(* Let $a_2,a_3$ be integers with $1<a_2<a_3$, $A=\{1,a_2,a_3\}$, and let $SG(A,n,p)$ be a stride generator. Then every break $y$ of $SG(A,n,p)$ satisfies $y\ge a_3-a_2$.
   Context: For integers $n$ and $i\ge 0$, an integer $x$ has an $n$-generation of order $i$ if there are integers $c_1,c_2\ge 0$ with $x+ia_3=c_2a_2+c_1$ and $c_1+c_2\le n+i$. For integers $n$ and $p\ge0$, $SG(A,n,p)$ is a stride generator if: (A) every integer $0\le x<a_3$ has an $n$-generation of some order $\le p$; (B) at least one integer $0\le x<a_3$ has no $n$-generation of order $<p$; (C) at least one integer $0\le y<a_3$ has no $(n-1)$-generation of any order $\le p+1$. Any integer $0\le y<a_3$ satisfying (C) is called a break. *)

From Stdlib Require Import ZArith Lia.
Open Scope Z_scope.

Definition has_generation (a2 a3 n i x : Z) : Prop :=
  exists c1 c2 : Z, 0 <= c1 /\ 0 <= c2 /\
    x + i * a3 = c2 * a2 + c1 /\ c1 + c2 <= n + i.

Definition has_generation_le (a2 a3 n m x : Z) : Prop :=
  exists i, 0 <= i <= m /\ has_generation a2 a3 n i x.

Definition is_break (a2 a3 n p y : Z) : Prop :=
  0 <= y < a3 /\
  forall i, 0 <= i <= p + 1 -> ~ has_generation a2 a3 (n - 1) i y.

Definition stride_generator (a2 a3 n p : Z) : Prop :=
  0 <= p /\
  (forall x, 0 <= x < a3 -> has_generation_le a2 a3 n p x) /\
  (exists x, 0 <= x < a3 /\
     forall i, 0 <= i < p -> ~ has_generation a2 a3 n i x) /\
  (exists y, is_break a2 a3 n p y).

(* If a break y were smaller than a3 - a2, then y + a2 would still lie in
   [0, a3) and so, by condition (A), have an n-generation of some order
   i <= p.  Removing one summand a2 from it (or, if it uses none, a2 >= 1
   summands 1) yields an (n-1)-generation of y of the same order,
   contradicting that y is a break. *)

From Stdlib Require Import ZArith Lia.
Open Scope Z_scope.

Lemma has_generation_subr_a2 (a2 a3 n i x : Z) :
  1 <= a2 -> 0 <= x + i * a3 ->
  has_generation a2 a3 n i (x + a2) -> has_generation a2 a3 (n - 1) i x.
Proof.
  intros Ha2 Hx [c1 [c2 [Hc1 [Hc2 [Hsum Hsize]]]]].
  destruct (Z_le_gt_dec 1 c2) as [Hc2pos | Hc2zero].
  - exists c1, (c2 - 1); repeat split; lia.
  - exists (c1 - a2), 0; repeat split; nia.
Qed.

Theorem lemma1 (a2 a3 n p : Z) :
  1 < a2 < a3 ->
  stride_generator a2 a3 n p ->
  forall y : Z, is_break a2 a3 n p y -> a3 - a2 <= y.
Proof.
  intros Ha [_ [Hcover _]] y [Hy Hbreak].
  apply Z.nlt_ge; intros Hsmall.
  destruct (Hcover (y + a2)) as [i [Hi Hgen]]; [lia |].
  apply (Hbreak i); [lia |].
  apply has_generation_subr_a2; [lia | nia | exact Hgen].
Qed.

• [What to work on]: Word for word, write out each entry shown above.

• [Task solution]:
(* Let $a_2,a_3$ be integers with $1<a_2<a_3$, $A=\{1,a_2,a_3\}$, and let $SG(A,n,p)$ be a stride generator. Then every break $y$ of $SG(A,n,p)$ satisfies $y\ge a_3-a_2$.
   Context: For integers $n$ and $i\ge 0$, an integer $x$ has an $n$-generation of order $i$ if there are integers $c_1,c_2\ge 0$ with $x+ia_3=c_2a_2+c_1$ and $c_1+c_2\le n+i$. For integers $n$ and $p\ge0$, $SG(A,n,p)$ is a stride generator if: (A) every integer $0\le x<a_3$ has an $n$-generation of some order $\le p$; (B) at least one integer $0\le x<a_3$ has no $n$-generation of order $<p$; (C) at least one integer $0\le y<a_3$ has no $(n-1)$-generation of any order $\le p+1$. Any integer $0\le y<a_3$ satisfying (C) is called a break. *)

From Stdlib Require Import ZArith Lia.
Open Scope Z_scope.

Definition has_generation (a2 a3 n i x : Z) : Prop :=
  exists c1 c2 : Z, 0 <= c1 /\ 0 <= c2 /\
    x + i * a3 = c2 * a2 + c1 /\ c1 + c2 <= n + i.

Definition has_generation_le (a2 a3 n m x : Z) : Prop :=
  exists i, 0 <= i <= m /\ has_generation a2 a3 n i x.

Definition is_break (a2 a3 n p y : Z) : Prop :=
  0 <= y < a3 /\
  forall i, 0 <= i <= p + 1 -> ~ has_generation a2 a3 (n - 1) i y.

Definition stride_generator (a2 a3 n p : Z) : Prop :=
  0 <= p /\
  (forall x, 0 <= x < a3 -> has_generation_le a2 a3 n p x) /\
  (exists x, 0 <= x < a3 /\
     forall i, 0 <= i < p -> ~ has_generation a2 a3 n i x) /\
  (exists y, is_break a2 a3 n p y).

(* If a break y were smaller than a3 - a2, then y + a2 would still lie in
   [0, a3) and so, by condition (A), have an n-generation of some order
   i <= p.  Removing one summand a2 from it (or, if it uses none, a2 >= 1
   summands 1) yields an (n-1)-generation of y of the same order,
   contradicting that y is a break. *)

From Stdlib Require Import ZArith Lia.
Open Scope Z_scope.

Lemma has_generation_subr_a2 (a2 a3 n i x : Z) :
  1 <= a2 -> 0 <= x + i * a3 ->
  has_generation a2 a3 n i (x + a2) -> has_generation a2 a3 (n - 1) i x.
Proof.
  intros Ha2 Hx [c1 [c2 [Hc1 [Hc2 [Hsum Hsize]]]]].
  destruct (Z_le_gt_dec 1 c2) as [Hc2pos | Hc2zero].
  - exists c1, (c2 - 1); repeat split; lia.
  - exists (c1 - a2), 0; repeat split; nia.
Qed.

Theorem lemma1 (a2 a3 n p : Z) :
  1 < a2 < a3 ->
  stride_generator a2 a3 n p ->
  forall y : Z, is_break a2 a3 n p y -> a3 - a2 <= y.
Proof.
  intros Ha [_ [Hcover _]] y [Hy Hbreak].
  apply Z.nlt_ge; intros Hsmall.
  destruct (Hcover (y + a2)) as [i [Hi Hgen]]; [lia |].
  apply (Hbreak i); [lia |].
  apply has_generation_subr_a2; [lia | nia | exact Hgen].
Qed.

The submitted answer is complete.